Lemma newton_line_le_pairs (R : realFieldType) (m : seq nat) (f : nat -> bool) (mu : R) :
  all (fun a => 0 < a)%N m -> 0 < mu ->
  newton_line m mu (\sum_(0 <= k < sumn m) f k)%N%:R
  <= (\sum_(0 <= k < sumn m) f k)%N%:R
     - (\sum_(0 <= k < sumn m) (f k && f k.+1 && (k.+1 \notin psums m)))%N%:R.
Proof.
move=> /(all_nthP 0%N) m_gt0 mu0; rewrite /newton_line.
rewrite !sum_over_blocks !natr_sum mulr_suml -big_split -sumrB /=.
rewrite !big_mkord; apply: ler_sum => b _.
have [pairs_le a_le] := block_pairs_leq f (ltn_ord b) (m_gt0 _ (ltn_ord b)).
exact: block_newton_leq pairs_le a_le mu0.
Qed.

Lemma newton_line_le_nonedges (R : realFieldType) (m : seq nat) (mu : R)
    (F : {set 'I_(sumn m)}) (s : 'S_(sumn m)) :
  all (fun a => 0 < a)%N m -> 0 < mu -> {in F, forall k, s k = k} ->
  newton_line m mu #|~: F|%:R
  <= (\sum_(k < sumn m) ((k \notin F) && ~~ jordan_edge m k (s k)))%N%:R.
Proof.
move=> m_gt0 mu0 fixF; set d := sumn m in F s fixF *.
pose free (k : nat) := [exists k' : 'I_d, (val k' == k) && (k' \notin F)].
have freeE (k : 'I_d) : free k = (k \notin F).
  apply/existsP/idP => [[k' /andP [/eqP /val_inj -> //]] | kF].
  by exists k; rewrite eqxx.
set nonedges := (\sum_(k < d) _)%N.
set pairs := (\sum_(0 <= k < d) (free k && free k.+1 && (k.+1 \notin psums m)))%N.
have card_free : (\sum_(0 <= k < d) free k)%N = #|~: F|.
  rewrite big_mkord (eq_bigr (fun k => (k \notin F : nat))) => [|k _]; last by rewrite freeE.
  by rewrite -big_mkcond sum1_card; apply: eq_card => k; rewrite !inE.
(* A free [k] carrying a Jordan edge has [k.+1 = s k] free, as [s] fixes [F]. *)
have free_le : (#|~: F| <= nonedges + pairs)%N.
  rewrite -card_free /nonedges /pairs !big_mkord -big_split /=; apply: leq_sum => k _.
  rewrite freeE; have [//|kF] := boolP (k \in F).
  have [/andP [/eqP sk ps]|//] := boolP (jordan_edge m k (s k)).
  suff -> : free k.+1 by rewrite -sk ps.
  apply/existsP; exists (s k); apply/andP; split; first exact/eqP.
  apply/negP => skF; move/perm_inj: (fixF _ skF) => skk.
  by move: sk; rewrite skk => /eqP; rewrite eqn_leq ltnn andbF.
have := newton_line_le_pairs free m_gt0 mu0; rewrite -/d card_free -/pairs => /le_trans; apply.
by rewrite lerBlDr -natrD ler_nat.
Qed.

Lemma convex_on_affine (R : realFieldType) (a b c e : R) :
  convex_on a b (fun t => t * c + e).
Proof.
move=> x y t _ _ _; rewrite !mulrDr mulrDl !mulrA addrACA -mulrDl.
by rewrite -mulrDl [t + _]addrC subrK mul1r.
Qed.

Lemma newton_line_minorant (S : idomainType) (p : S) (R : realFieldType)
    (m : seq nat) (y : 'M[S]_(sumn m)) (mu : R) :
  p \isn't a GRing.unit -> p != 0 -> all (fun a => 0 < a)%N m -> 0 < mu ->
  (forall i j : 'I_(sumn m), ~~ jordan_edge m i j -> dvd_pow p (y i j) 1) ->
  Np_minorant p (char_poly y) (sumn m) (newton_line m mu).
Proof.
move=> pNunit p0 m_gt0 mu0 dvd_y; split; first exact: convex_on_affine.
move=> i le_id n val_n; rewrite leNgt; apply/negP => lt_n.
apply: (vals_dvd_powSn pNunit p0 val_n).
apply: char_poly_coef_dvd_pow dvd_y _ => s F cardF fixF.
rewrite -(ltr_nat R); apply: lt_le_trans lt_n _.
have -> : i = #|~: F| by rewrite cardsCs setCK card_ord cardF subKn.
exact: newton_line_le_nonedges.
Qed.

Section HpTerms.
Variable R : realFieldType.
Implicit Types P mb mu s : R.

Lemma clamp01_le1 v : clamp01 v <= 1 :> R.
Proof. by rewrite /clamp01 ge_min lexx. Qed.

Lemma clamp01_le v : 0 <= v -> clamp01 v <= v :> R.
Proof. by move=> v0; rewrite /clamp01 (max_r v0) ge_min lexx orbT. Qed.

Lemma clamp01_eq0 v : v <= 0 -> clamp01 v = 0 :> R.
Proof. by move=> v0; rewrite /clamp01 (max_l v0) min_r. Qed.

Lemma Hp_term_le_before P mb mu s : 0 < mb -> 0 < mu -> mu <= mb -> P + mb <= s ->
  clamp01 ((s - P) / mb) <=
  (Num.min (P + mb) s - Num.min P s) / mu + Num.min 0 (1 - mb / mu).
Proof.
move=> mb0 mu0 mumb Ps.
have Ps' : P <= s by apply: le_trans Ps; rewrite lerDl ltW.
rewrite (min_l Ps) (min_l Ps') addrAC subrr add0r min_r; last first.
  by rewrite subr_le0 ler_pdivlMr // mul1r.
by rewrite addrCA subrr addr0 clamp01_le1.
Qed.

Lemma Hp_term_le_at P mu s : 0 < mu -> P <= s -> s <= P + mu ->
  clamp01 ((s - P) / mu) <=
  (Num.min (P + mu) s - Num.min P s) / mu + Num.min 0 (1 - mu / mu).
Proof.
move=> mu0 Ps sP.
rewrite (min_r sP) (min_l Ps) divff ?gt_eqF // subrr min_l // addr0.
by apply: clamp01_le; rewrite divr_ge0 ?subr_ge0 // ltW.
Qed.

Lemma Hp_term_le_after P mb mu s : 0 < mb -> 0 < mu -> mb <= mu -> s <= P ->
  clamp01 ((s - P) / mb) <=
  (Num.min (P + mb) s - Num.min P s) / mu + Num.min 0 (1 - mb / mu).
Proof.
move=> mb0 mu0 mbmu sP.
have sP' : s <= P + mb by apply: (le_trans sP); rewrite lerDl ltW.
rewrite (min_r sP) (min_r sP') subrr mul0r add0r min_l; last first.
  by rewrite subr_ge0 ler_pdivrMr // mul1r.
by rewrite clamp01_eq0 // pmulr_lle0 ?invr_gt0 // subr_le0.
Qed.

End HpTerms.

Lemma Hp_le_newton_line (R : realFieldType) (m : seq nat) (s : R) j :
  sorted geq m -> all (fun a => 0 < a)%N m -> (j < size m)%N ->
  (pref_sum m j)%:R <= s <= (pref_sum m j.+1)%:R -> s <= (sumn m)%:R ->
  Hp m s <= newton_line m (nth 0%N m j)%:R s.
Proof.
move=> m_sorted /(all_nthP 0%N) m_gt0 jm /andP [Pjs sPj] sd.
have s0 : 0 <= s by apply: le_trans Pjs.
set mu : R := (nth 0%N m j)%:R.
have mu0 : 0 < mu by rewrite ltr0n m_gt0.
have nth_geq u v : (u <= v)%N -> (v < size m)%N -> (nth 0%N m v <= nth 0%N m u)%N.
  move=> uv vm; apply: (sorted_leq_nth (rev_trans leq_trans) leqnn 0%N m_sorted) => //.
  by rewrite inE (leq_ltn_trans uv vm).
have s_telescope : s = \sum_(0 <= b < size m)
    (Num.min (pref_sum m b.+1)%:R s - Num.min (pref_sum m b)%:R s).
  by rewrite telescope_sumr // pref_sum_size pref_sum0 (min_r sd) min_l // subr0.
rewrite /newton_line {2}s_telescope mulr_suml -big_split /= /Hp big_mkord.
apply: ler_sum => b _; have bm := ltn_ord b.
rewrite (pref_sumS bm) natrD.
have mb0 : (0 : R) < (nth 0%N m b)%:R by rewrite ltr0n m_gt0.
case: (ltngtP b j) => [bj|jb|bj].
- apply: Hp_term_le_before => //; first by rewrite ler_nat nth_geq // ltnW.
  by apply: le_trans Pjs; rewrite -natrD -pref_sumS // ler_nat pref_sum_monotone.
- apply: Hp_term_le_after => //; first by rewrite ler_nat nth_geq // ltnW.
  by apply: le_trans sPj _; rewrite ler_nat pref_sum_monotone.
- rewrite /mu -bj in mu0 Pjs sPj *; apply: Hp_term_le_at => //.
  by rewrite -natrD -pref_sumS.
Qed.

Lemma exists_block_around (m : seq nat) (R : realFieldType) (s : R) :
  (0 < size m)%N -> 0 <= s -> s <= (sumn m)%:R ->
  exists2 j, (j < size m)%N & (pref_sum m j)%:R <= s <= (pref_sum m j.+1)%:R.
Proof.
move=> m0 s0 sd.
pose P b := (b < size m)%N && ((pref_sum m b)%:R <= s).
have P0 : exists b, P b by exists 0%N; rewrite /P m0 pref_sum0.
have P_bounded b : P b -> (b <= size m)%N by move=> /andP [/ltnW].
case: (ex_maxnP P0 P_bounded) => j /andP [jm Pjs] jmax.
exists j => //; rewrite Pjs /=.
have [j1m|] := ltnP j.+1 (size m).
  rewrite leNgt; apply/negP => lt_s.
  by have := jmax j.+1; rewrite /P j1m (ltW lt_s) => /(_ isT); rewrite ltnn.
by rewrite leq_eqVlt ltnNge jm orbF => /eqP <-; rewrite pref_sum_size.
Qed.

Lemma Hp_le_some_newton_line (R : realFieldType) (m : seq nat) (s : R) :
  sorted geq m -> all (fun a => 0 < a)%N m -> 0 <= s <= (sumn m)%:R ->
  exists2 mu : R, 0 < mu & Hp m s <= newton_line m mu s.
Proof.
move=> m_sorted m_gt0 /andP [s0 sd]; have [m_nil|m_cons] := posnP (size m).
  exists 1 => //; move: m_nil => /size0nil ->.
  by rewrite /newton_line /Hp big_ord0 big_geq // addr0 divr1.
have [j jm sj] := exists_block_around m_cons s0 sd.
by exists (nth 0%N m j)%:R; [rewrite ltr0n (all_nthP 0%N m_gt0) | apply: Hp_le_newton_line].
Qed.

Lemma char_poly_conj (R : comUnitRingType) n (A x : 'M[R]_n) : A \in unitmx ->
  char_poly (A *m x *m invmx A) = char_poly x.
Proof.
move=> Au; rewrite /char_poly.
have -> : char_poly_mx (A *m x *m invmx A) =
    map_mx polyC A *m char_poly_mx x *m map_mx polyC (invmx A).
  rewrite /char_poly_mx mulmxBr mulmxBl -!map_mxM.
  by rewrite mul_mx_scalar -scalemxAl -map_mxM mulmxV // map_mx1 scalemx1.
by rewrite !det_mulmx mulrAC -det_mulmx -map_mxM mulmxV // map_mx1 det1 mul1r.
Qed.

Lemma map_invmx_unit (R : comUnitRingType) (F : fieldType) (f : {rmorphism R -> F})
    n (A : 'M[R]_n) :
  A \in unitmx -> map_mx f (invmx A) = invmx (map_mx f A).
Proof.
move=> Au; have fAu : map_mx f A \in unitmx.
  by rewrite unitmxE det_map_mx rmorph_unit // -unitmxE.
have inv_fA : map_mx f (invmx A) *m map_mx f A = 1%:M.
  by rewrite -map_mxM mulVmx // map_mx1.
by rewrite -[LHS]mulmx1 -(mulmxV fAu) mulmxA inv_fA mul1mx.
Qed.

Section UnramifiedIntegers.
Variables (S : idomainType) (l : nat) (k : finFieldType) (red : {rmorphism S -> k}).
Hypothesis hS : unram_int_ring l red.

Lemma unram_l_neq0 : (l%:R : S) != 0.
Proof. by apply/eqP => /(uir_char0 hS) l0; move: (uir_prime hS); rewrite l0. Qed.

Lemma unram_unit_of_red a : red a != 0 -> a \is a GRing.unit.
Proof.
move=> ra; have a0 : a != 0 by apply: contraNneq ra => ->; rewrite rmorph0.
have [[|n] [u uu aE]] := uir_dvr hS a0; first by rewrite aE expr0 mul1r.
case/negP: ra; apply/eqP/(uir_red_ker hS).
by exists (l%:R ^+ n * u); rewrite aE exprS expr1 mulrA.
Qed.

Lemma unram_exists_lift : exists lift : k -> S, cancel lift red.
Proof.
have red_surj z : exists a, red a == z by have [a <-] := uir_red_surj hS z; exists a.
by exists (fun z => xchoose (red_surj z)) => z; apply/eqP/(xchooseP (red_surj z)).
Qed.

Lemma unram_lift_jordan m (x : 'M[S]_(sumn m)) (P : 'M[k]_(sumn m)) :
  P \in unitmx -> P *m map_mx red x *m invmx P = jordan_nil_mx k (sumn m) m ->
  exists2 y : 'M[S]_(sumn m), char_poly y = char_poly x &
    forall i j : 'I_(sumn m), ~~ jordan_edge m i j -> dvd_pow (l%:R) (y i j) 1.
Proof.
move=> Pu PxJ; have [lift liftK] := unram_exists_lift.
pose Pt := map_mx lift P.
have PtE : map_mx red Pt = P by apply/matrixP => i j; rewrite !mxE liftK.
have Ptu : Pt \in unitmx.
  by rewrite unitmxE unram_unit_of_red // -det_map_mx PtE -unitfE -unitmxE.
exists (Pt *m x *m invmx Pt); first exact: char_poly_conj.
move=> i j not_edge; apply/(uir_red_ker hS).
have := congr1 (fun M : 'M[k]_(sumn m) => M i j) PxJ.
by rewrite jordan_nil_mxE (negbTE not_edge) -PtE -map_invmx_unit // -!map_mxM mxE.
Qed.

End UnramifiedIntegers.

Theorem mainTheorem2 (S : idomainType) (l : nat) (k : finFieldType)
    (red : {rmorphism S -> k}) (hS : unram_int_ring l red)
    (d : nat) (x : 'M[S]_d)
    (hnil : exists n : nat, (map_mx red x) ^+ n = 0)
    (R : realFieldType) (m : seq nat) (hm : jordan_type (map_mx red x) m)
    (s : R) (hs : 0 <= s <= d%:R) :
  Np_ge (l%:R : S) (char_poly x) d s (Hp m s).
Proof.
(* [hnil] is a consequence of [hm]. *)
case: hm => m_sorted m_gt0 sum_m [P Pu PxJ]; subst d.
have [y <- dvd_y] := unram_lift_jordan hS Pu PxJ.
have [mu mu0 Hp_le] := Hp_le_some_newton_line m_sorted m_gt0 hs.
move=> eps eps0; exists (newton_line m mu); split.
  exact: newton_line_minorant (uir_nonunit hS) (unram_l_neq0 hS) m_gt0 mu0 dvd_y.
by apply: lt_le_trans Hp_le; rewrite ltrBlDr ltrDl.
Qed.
·····
_WHAT YOU HAVE TO DO:_ Begin at the line that has "have [/andP [/eqP" in the entries above; stop after the line that has "by move: sk;". Transcribe exactly those lines and no others.

_TASK OUTPUT:_
  have [/andP [/eqP sk ps]|//] := boolP (jordan_edge m k (s k)).
  suff -> : free k.+1 by rewrite -sk ps.
  apply/existsP; exists (s k); apply/andP; split; first exact/eqP.
  apply/negP => skF; move/perm_inj: (fixF _ skF) => skk.
  by move: sk; rewrite skk => /eqP; rewrite eqn_leq ltnn andbF.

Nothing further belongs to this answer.